The dance marathon attended by Mmes. McLatchy and Trestle in the Century Ballroom of Fife, Washington, was not so different from any other. Most of the spectators came to see the live drama of bedraggled human endurance — to take voyeuristic pleasure in witnessing hardship and peril from a safe distance, and to thank their lucky stars that it was not they out there on that punishing dance floor. It was a ghoulish thing. But this was not the reason that Mrs. McLatchy and Mrs. Trestle came. They came to cheer on their favorites.
Each woman had selected two couples early on for whom she would root— two so that if one dropped out or was purposefully eliminated from the competition, there would still be a couple left to pin her hopes on.

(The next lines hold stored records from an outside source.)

(* For a prime p | h, crt_weight q is divisible by p when q <> p, so on the
   p-torsion of Z_h only the p-th summand of glued_coef survives
   (glued_code_torsion). *)
Definition crt_weight (q : nat) : nat := \prod_(q' <- primes h | q' != q) q'.

Definition glued_coef (j : 'I_m) (l : 'I_n) (i : 'I_k) (t : 'I_n) : 'Z_h :=
  (\sum_(q <- primes h) crt_weight q * (mrd_code q k m n (delta_mx i t) j l : nat))%:R.

Definition glued_code (a : 'M['Z_h]_(k, n)) : 'M['Z_h]_(m, n) :=
  \matrix_(j, l) \sum_i \sum_t a i t * glued_coef j l i t.

Fact glued_code_is_zmod_morphism : zmod_morphism glued_code.
Proof.
move=> a b; apply/matrixP => j l; rewrite !mxE -sumrB; apply: eq_bigr => i _.
by rewrite -sumrB; apply: eq_bigr => t _; rewrite -mulrBl !mxE.
Qed.

HB.instance Definition _ :=
  GRing.isZmodMorphism.Build _ _ glued_code glued_code_is_zmod_morphism.

End GluedCode.

Arguments glued_coef h {k m n}.
Arguments glued_code h {k} m {n}.

Section GluedCodeRank.
Variables h k m n : nat.
Hypotheses (h_gt1 : (1 < h)%N) (km : (k <= m)%N) (mn : (m <= n)%N).

Lemma dvdn_crt_weight p q : prime p -> (p %| h)%N ->
  q \in primes h -> q != p -> (p %| crt_weight h q)%N.
Proof.
move=> pr_p p_dvd_h qh qp; rewrite /crt_weight -big_filter (bigD1_seq p) /=.
- exact: dvdn_mulr.
- by rewrite mem_filter eq_sym qp mem_primes pr_p p_dvd_h ltnW.
- by rewrite filter_uniq ?primes_uniq.
Qed.

Lemma coprime_crt_weight p : prime p -> coprime p (crt_weight h p).
Proof.
move=> pr_p; rewrite /crt_weight big_seq_cond.
elim/big_ind: _ => [|x y|q /andP []]; first by rewrite coprimen1.
  by rewrite coprimeMr => -> ->.
rewrite mem_primes => /and3P [pr_q _ _] qp.
by rewrite prime_coprime // dvdn_prime2 // eq_sym.
Qed.

Lemma glued_code_torsion p (v : 'M['F_p]_(k, n)) : prime p -> (p %| h)%N ->
  glued_code h m (torsion_embed h (h %/ p)%N v) =
  torsion_embed h (h %/ p * crt_weight h p)%N (mrd_code p k m n v).
Proof.
move=> pr_p p_dvd_h; have ph : p \in primes h by rewrite mem_primes pr_p p_dvd_h ltnW.
pose Phi : {additive _ -> _} := HB.pack (mrd_code p k m n : _ -> _)
  (GRing.isZmodMorphism.Build _ _ _ (mrd_code_is_zmod_morphism pr_p km mn)).
pose w := crt_weight h p.
have coefE i t j l : ((h %/ p)%N * (v i t : nat))%:R * glued_coef h j l i t =
    ((h %/ p * w)%N * ((v i t : nat) * (Phi (delta_mx i t) j l : nat)))%:R.
  rewrite /glued_coef -natrM big_distrr /= natr_sum.
  rewrite (bigD1_seq p) ?primes_uniq //= big_seq_cond big1 ?addr0.
    by congr (_%:R); rewrite /w; ring.
  move=> q /andP [qh qp]; apply/eqP; rewrite Zp_nat_eq0 //.
  have [u ->] : exists u, crt_weight h q = (u * p)%N.
    by exists (crt_weight h q %/ p)%N; rewrite divnK // dvdn_crt_weight.
  rewrite -[h in (h %| _)%N](divnK p_dvd_h); apply: dvdn_mul; first exact: dvdn_mulr.
  by rewrite mulnAC dvdn_mull.
apply/matrixP => j l; rewrite !mxE.
under eq_bigr => i _ do under eq_bigr => t _ do rewrite mxE coefE.
under eq_bigr => i _ do rewrite -natr_sum -big_distrr /=.
rewrite -natr_sum -big_distrr /= -(natr_torsion_mod h_gt1 p_dvd_h) -val_Fp_nat //.
congr (_ * (nat_of_ord _))%:R.
rewrite [in RHS](matrix_sum_delta v) -[mrd_code p k m n _]/(Phi _) (raddf_sum Phi).
rewrite summxE natr_sum.
apply: eq_bigr => i _; rewrite (raddf_sum Phi) summxE natr_sum.
apply: eq_bigr => t _; rewrite -[v i t]natr_Zp scaler_nat (raddfMn Phi) -scaler_nat mxE.
by rewrite !natr_Zp natrM !natr_Zp.
Qed.

Lemma inner_rank_glued_code_gt (a : 'M['Z_h]_(k, n)) : a != 0 ->
  (m - k < inner_rank (glued_code h m a))%N.
Proof.
move=> a0; have [p [u [v [pr_p p_dvd_h v0 au]]]] := exists_torsion_multiple h_gt1 a0.
pose c := (h %/ p * crt_weight h p)%N.
have codeE : glued_code h m a *+ u = torsion_embed h c (mrd_code p k m n v).
  by rewrite -raddfMn /= au glued_code_torsion.
have codep : glued_code h m a *+ u *+ p = 0.
  apply/matrixP => i j; rewrite codeE -scaler_nat !mxE mulr_natl -mulr_natr -natrM.
  apply/eqP; rewrite Zp_nat_eq0 // -[h in (h %| _)%N](divnK p_dvd_h) mulnAC -mulnA.
  by rewrite dvdn_mul ?dvdn_mulr.
have := card_row_image_mrd_code pr_p km mn v0.
move/leq_trans/(_ (card_row_image_torsion_embed h_gt1 pr_p p_dvd_h _
  (coprime_crt_weight pr_p))).
rewrite -codeE => /leq_trans /(_ (card_row_image_le_inner_rank (prime_gt0 pr_p) codep)).
rewrite leq_exp2l ?prime_gt1 // addn1 => /leq_trans; apply.
exact: inner_rank_mulrn_le.
Qed.

End GluedCodeRank.

Section RowBlocks.
Variables (R : nzRingType) (m n r : nat).
Hypothesis r_le_m : (r <= m)%N.
Local Notation k := (m - r)%N.

Definition top_rows (A : 'M[R]_(m, n)) : 'M[R]_(k, n) :=
  \matrix_(i, l) A (widen_ord (leq_subr r m) i) l.

Lemma bottom_row_proof (i : 'I_r) : (k + i < m)%N.
Proof. by have := ltn_ord i; lia. Qed.

Definition bottom_rows (A : 'M[R]_(m, n)) : 'M[R]_(r, n) :=
  \matrix_(i, l) A (Ordinal (bottom_row_proof i)) l.

Definition bottom_embed : 'M[R]_(m, r) := \matrix_(j, i) ((j : nat) == k + i)%N%:R.

Lemma top_rowsB A B : top_rows (A - B) = top_rows A - top_rows B.
Proof. by apply/matrixP => i l; rewrite !mxE. Qed.

Lemma bottom_rowsB A B : bottom_rows (A - B) = bottom_rows A - bottom_rows B.
Proof. by apply/matrixP => i l; rewrite !mxE. Qed.

Lemma top_bottom_rows_inj A B :
  top_rows A = top_rows B -> bottom_rows A = bottom_rows B -> A = B.
Proof.
move=> /matrixP topAB /matrixP botAB; apply/matrixP => j l.
have [jk | kj] := ltnP j k.
  by have := topAB (Ordinal jk) l; rewrite !mxE (_ : widen_ord _ _ = j) //; apply: val_inj.
have jr : (j - k < r)%N by have := ltn_ord j; lia.
have := botAB (Ordinal jr) l; rewrite !mxE (_ : Ordinal _ = j) //.
by apply: val_inj => /=; lia.
Qed.

Lemma top_rows_embed X : top_rows (bottom_embed *m X) = 0.
Proof.
apply/matrixP => i l; rewrite !mxE big1 // => i' _; rewrite mxE.
by rewrite (_ : (_ == _)%N = false) ?mul0r //=; apply/negbTE; have := ltn_ord i; lia.
Qed.

Lemma bottom_rows_embed X : bottom_rows (bottom_embed *m X) = X.
Proof.
apply/matrixP => i l; rewrite !mxE (bigD1 i) //= mxE eqxx mul1r big1 ?addr0 // => i' ii'.
rewrite mxE (_ : (k + i == k + i')%N = false) ?mul0r //.
by rewrite eqn_add2l; apply/negbTE; apply: contra ii' => /eqP ii'; apply/eqP/val_inj.
Qed.

Lemma top_rows_eq0 A : top_rows A = 0 -> A = bottom_embed *m bottom_rows A.
Proof.
by move=> A0; apply: top_bottom_rows_inj; rewrite ?top_rows_embed ?bottom_rows_embed.
Qed.

End RowBlocks.

Section BilinearFormsGraph.
Variables (h m n r : nat).
Hypotheses (h_gt1 : (1 < h)%N) (r_le_m : (r <= m)%N).
Local Notation k := (m - r)%N.
Local Notation bil := (@bil_adj h m n r).
Variable Phi : {additive 'M['Z_h]_(k, n) -> 'M['Z_h]_(m, n)}.
Hypothesis Phi_rank : forall a, a != 0 -> (r < inner_rank (Phi a))%N.

Local Notation zero_top := [set A : 'M['Z_h]_(m, n) | top_rows r A == 0].

Lemma card_matrix_Zp p q : #|{: 'M['Z_h]_(p, q)}| = (h ^ (q * p))%N.
Proof. by rewrite card_mx card_ord Zp_cast // mulnC. Qed.

Lemma inner_rank_top_rows0 (A : 'M['Z_h]_(m, n)) : top_rows r A = 0 -> (inner_rank A <= r)%N.
Proof. by move=> A0; apply: inner_rank_le (top_rows_eq0 r_le_m A0). Qed.

Lemma zero_top_clique : clique bil zero_top.
Proof.
apply/forallP => A; apply/implyP; rewrite inE => /eqP A0.
apply/forallP => B; apply/implyP; rewrite inE => /eqP B0; apply/implyP => AB.
by rewrite /bil_adj AB inner_rank_top_rows0 // top_rowsB A0 B0 subrr.
Qed.

Lemma card_zero_top : #|zero_top| = (h ^ (n * r))%N.
Proof.
have -> : zero_top = [set bottom_embed _ m r *m X | X : 'M_(r, n)].
  apply/setP => A; rewrite inE; apply/eqP/imsetP => [A0 | [X _ ->]].
    by exists (bottom_rows r_le_m A) => //; apply: top_rows_eq0.
  exact: top_rows_embed.
rewrite card_imset ?card_matrix_Zp // => X Y XY.
by rewrite -(bottom_rows_embed r_le_m X) XY bottom_rows_embed.
Qed.

Let top_code a := top_rows r (Phi a).

Lemma top_code_inj : injective top_code.
Proof.
move=> a b ab; apply/eqP; rewrite -subr_eq0; apply: contraT => nz.
have := Phi_rank nz; rewrite ltnNge inner_rank_top_rows0 //.
by rewrite raddfB top_rowsB -/(top_code a) ab subrr.
Qed.

Lemma code_independent : independent_set bil [set Phi a | a in setT].
Proof.
apply/forallP => x; apply/implyP => /imsetP [a _ ->].
apply/forallP => y; apply/implyP => /imsetP [b _ ->].
rewrite /bil_adj negb_and negbK -ltnNge -raddfB.
have [-> | ab] := eqVneq a b; first by rewrite eqxx.
by rewrite Phi_rank ?orbT // subr_eq0.
Qed.

Lemma card_code : #|[set Phi a | a in setT]| = (h ^ (n * k))%N.
Proof.
rewrite card_imset ?cardsT ?card_matrix_Zp // => a b ab.
by apply: top_code_inj; rewrite /top_code ab.
Qed.

Lemma independent_card_le S : independent_set bil S -> (#|S| <= h ^ (n * k))%N.
Proof.
move=> /forallP Sind.
have sum_inj : {in setX S zero_top &, injective (fun AB => AB.1 + AB.2)}.
  move=> [A B] [A' B'] /setXP [AS]; rewrite inE => /eqP B0.
  move=> /setXP [A'S]; rewrite inE => /eqP B'0 /= sumE.
  have AA' : A = A'.
    apply/eqP; have /forallP /(_ A') /implyP /(_ A'S) := implyP (Sind A) AS.
    rewrite /bil_adj negb_and negbK => /orP [// | ]; rewrite inner_rank_top_rows0 //.
    have -> : A - A' = B' - B by rewrite -(addrK B A) sumE addrAC [A' + B']addrC addrK.
    by rewrite top_rowsB B0 B'0 subrr.
  by move: sumE; rewrite AA' => /addrI ->.
have := max_card (imset (fun AB => AB.1 + AB.2) (mem (setX S zero_top))).
rewrite card_in_imset // cardsX card_zero_top card_matrix_Zp.
by rewrite -[X in (_ <= h ^ (n * X))%N](subnK r_le_m) mulnDr expnD leq_pmul2r // expn_gt0 ltnW.
Qed.

Lemma bil_colorable : colorable bil (h ^ (n * r)).
Proof.
pose code_of A := invF top_code_inj (top_rows r A).
pose color A := bottom_rows r_le_m (A - Phi (code_of A)).
have top_color A : top_rows r (A - Phi (code_of A)) = 0.
  by rewrite top_rowsB -/(top_code _) f_invF subrr.
have color_ok A B : bil A B -> color A != color B.
  case/andP => AB rAB; apply/negP => /eqP cAB.
  have E : A - Phi (code_of A) = B - Phi (code_of B).
    by apply: (top_bottom_rows_inj (r_le_m := r_le_m)); rewrite ?top_color.
  have {}E : A - B = Phi (code_of A - code_of B).
    move: E; rewrite raddfB; set x := Phi _; set y := Phi _ => E.
    by rewrite -(subrK x A) E addrAC [B - y - B]addrAC subrr add0r addrC.
  have [ab | ab] := eqVneq (code_of A) (code_of B).
    by move: AB; rewrite -subr_eq0 E ab subrr raddf0 eqxx.
  by move: rAB; rewrite E leqNgt Phi_rank // subr_eq0.
have card_colors : #|'M['Z_h]_(r, n)| = (h ^ (n * r))%N by exact: card_matrix_Zp.
apply/existsP; exists [ffun A => cast_ord card_colors (enum_rank (color A))].
apply/forallP => A; apply/forallP => B; apply/implyP => AB; rewrite !ffunE.
by apply: contra (color_ok _ _ AB) => /eqP /cast_ord_inj /enum_rank_inj ->.
Qed.

End BilinearFormsGraph.
Lemma cmul_conjK q : circle q -> cancel (cmul q) (cmul (cconj q)).
Proof.
rewrite /unit_circle => hq p; rewrite [RHS]surjective_pairing /cmul /cconj /=.
congr pair.
  by transitivity ((q.1 ^+ 2 + q.2 ^+ 2) * p.1); [ring|rewrite hq mul1r].
by transitivity ((q.1 ^+ 2 + q.2 ^+ 2) * p.2); [ring|rewrite hq mul1r].
Qed.

Lemma cmulr1 q : cmul q (1, 0) = q.
Proof. by rewrite /cmul /= !mulr1 !mulr0 subr0 add0r -surjective_pairing. Qed.

Lemma circle_param_circle t : circle (circle_param t).
Proof.
have d : t ^+ 2 + 1 != 0 by rewrite gt_eqF // ltr_wpDl ?sqr_ge0.
by rewrite /unit_circle /circle_param /=; field.
Qed.

Lemma range_circle_param : range circle_param = circle `\ (1, 0).
Proof.
apply/seteqP; split => [_ [t _ <-]|[x y] [hxy /= xy1]].
  split; first exact: circle_param_circle.
  have d : t ^+ 2 + 1 != 0 by rewrite gt_eqF // ltr_wpDl ?sqr_ge0.
  by case=> e _; have := divfK d (t ^+ 2 - 1); rewrite e mul1r; lra.
have d : 1 - x != 0.
  apply/eqP => x1; apply: xy1; have {x1}x1 : x = 1 by lra.
  congr pair => //; apply/eqP; rewrite -sqrf_eq0; apply/eqP.
  by move: hxy; rewrite /unit_circle /= x1 expr1n; lra.
have hy : y ^+ 2 = 1 - x ^+ 2 by move: hxy; rewrite /unit_circle /= => <-; ring.
have e1 : (y / (1 - x)) ^+ 2 + 1 = 2 / (1 - x) by rewrite expr_div_n hy; field.
have e2 : (y / (1 - x)) ^+ 2 - 1 = 2 * x / (1 - x) by rewrite expr_div_n hy; field.
by exists (y / (1 - x)) => //; rewrite /circle_param e1 e2; congr pair; field.
Qed.

Lemma circle_setD1_cmul q : circle q -> circle `\ q = cmul q @` (circle `\ (1, 0)).
Proof.
move=> hq; have hq' := cconj_circle hq.
have cmulK z : cmul q (cmul (cconj q) z) = z by rewrite -{1}(cconjK q) cmul_conjK.
apply/seteqP; split => [z [hz zq]|_ [w [hw w1] <-]].
  exists (cmul (cconj q) z) => //; split; first exact: cmul_circle.
  by move=> e; apply: zq; rewrite -(cmulK z) e cmulr1.
split; first exact: cmul_circle.
by move=> e; apply: w1; apply: (can_inj (cmul_conjK hq)); rewrite cmulr1.
Qed.

Lemma continuous_circle_param_coord :
  continuous (fun t => (circle_param t).1) /\ continuous (fun t => (circle_param t).2).
Proof.
have den t : t ^+ 2 + 1 != 0 by rewrite gt_eqF // ltr_wpDl ?sqr_ge0.
have csq : continuous (fun t : R => t ^+ 2) := @exprn_continuous R 2%N.
have cinv : continuous (fun t : R => (t ^+ 2 + 1)^-1).
  by move=> t; apply: cvgV => //; apply: cvgD; [exact: csq|exact: cvg_cst].
split => t; apply: cvgM; try exact: cinv.
  by apply: cvgB; [exact: csq|exact: cvg_cst].
by apply: cvgM; [exact: cvg_cst|exact: cvg_id].
Qed.
Lemma card_peaks_rev s :
  uniq s -> cycle (adj e) s -> #|peaks (rev_rel e) s| = #|peaks e s|.
Proof.
move=> Us cyc_s; pose g v := e v (next s v); pose h v := g (prev s v).
have hE v : v \in s -> h v = e (prev s v) v by move=> vs; rewrite /h /g next_prev.
have -> : peaks e s = [set v | (v \in s) && (~~ h v && g v)].
  apply/setP => v; rewrite !inE; case vs: (v \in s) => //=.
  by rewrite hE // -adj_rankE ?prev_cycle // andbC.
have -> : peaks (rev_rel e) s = [set v | (v \in s) && (~~ g v && h v)].
  apply/setP => v; rewrite !inE /rev_rel; case vs: (v \in s) => //=.
  by rewrite hE // -adj_rankE ?next_cycle.
have count_h : count h s = count g s.
  rewrite -(count_map (prev s) g); apply/permP/uniq_perm => //.
    by rewrite map_inj_in_uniq // => a b _ _ /(can_inj (next_prev Us)).
  move=> v; apply/mapP/idP => [[w ws ->] | vs]; first by rewrite mem_prev.
  by exists (next s v); rewrite ?mem_next // prev_next.
have count_split (a b : pred T) :
    count a s = count (fun v => b v && a v) s + count (fun v => ~~ b v && a v) s.
  by rewrite -size_filter -(count_predC b) !count_filter.
rewrite !card_set_count //; move: count_h.
rewrite (count_split g h) (count_split h g) (eq_count (a2 := fun v => h v && g v)) => [|v].
  by move/addnI.
exact: andbC.
Qed.

(* The spliced cycle [O ++ rev b2 ++ z :: b1] runs through [O], back along [b2] to [z]
   and then along [b1]. *)
Lemma peak_splice_mem O z (b1 b2 : seq T) v : uniq (O ++ rev b2 ++ z :: b1) ->
  path e z b1 -> path e z b2 -> v \in peaks e (O ++ rev b2 ++ z :: b1) -> (v == z) || (v \in O).
Proof.
move=> Us eb1 eb2 vpeak; move: (vpeak); rewrite inE !mem_cat mem_rev inE.
case/andP=> /or4P [-> | vb2 | -> | vb1] _; rewrite ?orbT //; apply: contraTT vpeak => _.
- move: Us eb2; case/splitPr: vb2 => l m Us /path_last_pred evl.
  have [R [ER _]] := head_rev_cat z b1 l.
  have Es : O ++ rev (l ++ v :: m) ++ z :: b1 = (O ++ rev m) ++ v :: last z l :: R.
    by rewrite rev_cat rev_cons cat_rcons -!catA /= ER.
  by rewrite Es; apply: peakN_next; rewrite next_cons2 -?Es.
- move: Us eb1; case/splitPr: vb1 => l m Us /path_last_pred evl.
  have Es : O ++ rev b2 ++ z :: l ++ v :: m = (O ++ rev b2 ++ belast z l) ++ last z l :: v :: m.
    by rewrite -!catA -cat_cons lastI cat_rcons.
  by rewrite Es; apply: peakN_prev; rewrite prev_cons2 -?Es.
Qed.

Lemma cycle_splice O z (b1 b2 : seq T) : path e z b1 -> path e z b2 ->
  path (adj e) (last z b1) (O ++ [:: last z b2]) -> cycle (adj e) (O ++ rev b2 ++ z :: b1).
Proof.
move=> eb1 eb2 eO; rewrite catA cycle_catC /=.
have -> : rcons (b1 ++ O ++ rev b2) z = b1 ++ (O ++ [:: last z b2]) ++ rev (belast z b2).
  by rewrite !rcons_cat -rev_cons lastI rev_rcons -catA.
rewrite cat_path (sub_path _ eb1) => [|a b eab]; last by rewrite /adj eab.
rewrite cat_path eO last_cat /= rev_path.
by apply: sub_path eb2 => a b eab; rewrite /adj eab orbT.
Qed.

Section Cycles.
Variable A : pred T.

Lemma single_peak_of_paths z (b1 b2 : seq T) :
  uniq (rev b2 ++ z :: b1) -> 2 < size (rev b2 ++ z :: b1) -> all A (rev b2 ++ z :: b1) ->
  path e z b1 -> path e z b2 -> e (last z b2) (last z b1) ->
  exists2 s, ucycle_in A e s & #|peaks e s| = 1.
Proof.
set s := rev b2 ++ z :: b1 => Us s_gt2 As eb1 eb2 e21.
have cyc_s : cycle (adj e) s.
  by apply: (cycle_splice (O := [::]) eb1 eb2); rewrite /= andbT adjC /adj e21.
exists s; first by rewrite /ucycle_in Us s_gt2 cyc_s.
apply/eqP; rewrite eqn_leq -{1}(cards1 z) subset_leq_card; last first.
  apply/subsetP => v v_pk; have := peak_splice_mem (O := [::]) Us eb1 eb2 v_pk.
  by rewrite inE orbF.
by apply/card_gt0P; apply: (peak_exists _ cyc_s); rewrite /s; case: (rev b2).
Qed.

(* The cycle follows [p1] up to the first node [w] of [p2] lying on [p1], and returns
   along [p2]. *)
Lemma single_peak_of_diverging_paths x y1 y2 p1 p2 :
  path e x (y1 :: p1) -> path e x (y2 :: p2) -> y1 != y2 -> last y1 p1 = last y2 p2 ->
  all A (x :: y1 :: p1) -> all A (y2 :: p2) -> exists2 s, ucycle_in A e s & #|peaks e s| = 1.
Proof.
move=> ep1 ep2 ne12 same_last Ap1 Ap2.
have : has (mem (y1 :: p1)) (y2 :: p2).
  by apply/hasP; exists (last y2 p2); rewrite ?mem_last // -same_last; apply: mem_last.
case/split_first => a [w [m2 [E2 w_p1 aNp1]]].
have [c [m1 E1]] : exists c m1, y1 :: p1 = c ++ w :: m1.
  by case/splitPr: w_p1 => c m1; exists c, m1.
rewrite E1 in ep1 Ap1 aNp1; rewrite E2 in ep2 Ap2.
have ec := path_prefix ep1; have ea : path e x a by move: ep2; rewrite cat_path => /andP [].
apply: (single_peak_of_paths _ _ _ ec ea); last by rewrite last_rcons (path_last_pred ep2).
- have := path_rank_uniq ea; rewrite cons_uniq => /andP [xNa Ua].
  rewrite cat_uniq rev_uniq Ua (path_rank_uniq ec) andbT andTb.
  apply/hasPn => v; rewrite mem_rev inE => /orP [/eqP -> // | v_cw].
  apply/negP => va; have := allP aNp1 v va; rewrite /= mem_cat inE.
  by rewrite mem_rcons inE in v_cw; case/orP: v_cw => ->; rewrite ?orbT.
- rewrite size_cat size_rev /= size_rcons !addnS !ltnS addn_gt0.
  apply: contraT; rewrite negb_or -!leqNgt !leqn0 !size_eq0 => /andP [/eqP a0 /eqP c0].
  by move: E1 E2 ne12; rewrite a0 c0 => [[-> _]] [-> _]; rewrite eqxx.
apply/allP => v; rewrite mem_cat mem_rev inE mem_rcons inE.
case/or4P => [va | /eqP -> | /eqP -> | vc].
- by apply: (allP Ap2); rewrite mem_cat va.
- exact: (allP Ap1 x (mem_head _ _)).
- by apply: (allP Ap2); rewrite mem_cat inE eqxx orbT.
by apply: (allP Ap1); rewrite inE mem_cat vc orbT.
Qed.

Lemma ucycle_in_splice O q R z (b1 b2 : seq T) :
  ucycle_in A e (O ++ q :: R) -> O != [::] -> last q R != q ->
  path e z b1 -> path e z b2 -> last z b1 = last q R -> last z b2 = q ->
  uniq (z :: b1 ++ b2) -> all A (z :: b1 ++ b2) -> ~~ has (mem O) (z :: b1 ++ b2) ->
  ucycle_in A e (O ++ rev b2 ++ z :: b1).
Proof.
case/and4P=> Us _ cyc_s As nonempty_O pNq eb1 eb2 lb1 lb2 Ub Ab NOb.
have Ub' : uniq (O ++ rev b2 ++ z :: b1).
  rewrite (perm_uniq (_ : perm_eq _ (O ++ z :: b1 ++ b2))); last first.
    by rewrite perm_cat2l perm_catC -cat_cons perm_cat2l perm_rev.
  by rewrite cat_uniq Ub NOb !andbT; move: Us; rewrite cat_uniq => /andP [].
rewrite /ucycle_in Ub' size_cat size_cat /= size_rev.
have -> : 2 < size O + (size b2 + (size b1).+1).
  have : 0 < size O by rewrite lt0n size_eq0.
  have : 0 < size b2 + size b1.
    rewrite addn_gt0 !lt0n !size_eq0; apply: contraR pNq => /norP [/negPn/eqP b20 /negPn/eqP b10].
    by rewrite -lb1 -lb2 b10 b20.
  lia.
rewrite (cycle_splice eb1 eb2) ?lb1 ?lb2.
  move: As Ab; rewrite /= !all_cat all_rev => /andP [AO _] /and3P [Az Ab1 Ab2].
  by rewrite /= AO Az Ab1 Ab2.
by move: cyc_s; rewrite (cycle_path q) last_cat /= -cat1s catA cat_path => /andP [].
Qed.

Lemma peaks_splice_sub O q R z (b1 b2 : seq T) :
  uniq (O ++ q :: R) -> uniq (O ++ rev b2 ++ z :: b1) ->
  path e z b1 -> path e z b2 -> last z b1 = last q R -> last z b2 = q ->
  peaks e (O ++ rev b2 ++ z :: b1) \subset z |: (peaks e (O ++ q :: R) :&: [set v in O]).
Proof.
move=> Us Us' eb1 eb2 lb1 lb2; apply/subsetP => v v_pk.
have := peak_splice_mem Us' eb1 eb2 v_pk; rewrite !inE.
case/orP => [-> // | vO]; rewrite vO andbT.
have [R' [ER' lR']] := head_rev_cat z b1 b2; rewrite lb2 in ER' lR'.
rewrite ER' in Us' v_pk; move: v_pk; rewrite !inE !mem_cat vO.
by rewrite (next_catl Us' Us vO) (prev_catl Us' Us (etrans lR' lb1) vO) => ->; rewrite orbT.
Qed.

Hypothesis no_single_peak : forall s, ucycle_in A e s -> #|peaks e s| != 1.

Lemma path_unique x p1 p2 : path e x p1 -> path e x p2 -> last x p1 = last x p2 ->
  all A (x :: p1) -> all A (x :: p2) -> p1 = p2.
Proof.
elim: p1 x p2 => [|y1 p1 IH] x [|y2 p2] //.
- move=> _ /path_rank_uniq; rewrite cons_uniq => /andP [xNp _] /= x_last.
  by move: xNp; rewrite x_last mem_last.
- move=> /path_rank_uniq; rewrite cons_uniq => /andP [xNp _] _ /= x_last.
  by move: xNp; rewrite -x_last mem_last.
have [<- | ne12] := eqVneq y1 y2 => ep1 ep2 same_last Ap1 /andP [_ Ap2].
  have {}ep1 : path e y1 p1 by case/andP: ep1.
  have {}ep2 : path e y1 p2 by case/andP: ep2.
  have {}Ap1 : all A (y1 :: p1) by case/andP: Ap1.
  by congr (_ :: _); apply: IH ep1 ep2 same_last Ap1 Ap2.
have [s s_cyc s_one] := single_peak_of_diverging_paths ep1 ep2 ne12 same_last Ap1 Ap2.
by move: (no_single_peak s_cyc); rewrite s_one.
Qed.

Section Root.
Variable x0 : T.
(* For D(L) this holds because succ(T) is closed under arcs, for the reversed digraph
   because the nodes of a path ending in succ(T) are reachable from that end in D(L). *)
Hypothesis A_path : forall p, path e x0 p -> A (last x0 p) -> all A (x0 :: p).

Let reached v := A v && connect e x0 v.

Lemma path_reached p : path e x0 p -> A (last x0 p) -> all reached (x0 :: p).
Proof.
move=> ep Alast; apply/allP => v vp.
by rewrite /reached (allP (A_path ep Alast)) // (path_connect ep vp).
Qed.

Lemma path_unique_root p1 p2 : path e x0 p1 -> path e x0 p2 ->
  last x0 p1 = last x0 p2 -> A (last x0 p1) -> p1 = p2.
Proof.
move=> ep1 ep2 same_last Alast; have Alast2 : A (last x0 p2) by rewrite -same_last.
exact: path_unique ep1 ep2 same_last (A_path ep1 Alast) (A_path ep2 Alast2).
Qed.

“47 and 93,” said Mrs. McLatchy, pointing out her favorites to Mrs. Trestle with one of the latter’s unemployed knitting needles. “And you?”
“Numbers 13 and 62.”
“Why those two?” asked Mrs. McLatchy, who did not like to knit, and so was in daily possession of crossword puzzles instead. As Mrs. Trestle considered the question, Mrs. McLatchy plucked up a crustless cucumber sandwich from the little picnic basket resting on the floor at her feet. There were crackers in there as well, and a little cool stainless steel tub of some sort of pâté that Mrs. Trestle couldn’t identify.
Finally, Mrs. Trestle replied: “I looked them all over on the first day. I can spot the professionals — the ones who make money from dancing. I don’t like it that they let the professionals in here. The specialty acts are always entertaining, but I know for a fact that many of these dancers are vaudevillians who are being paid on the side.”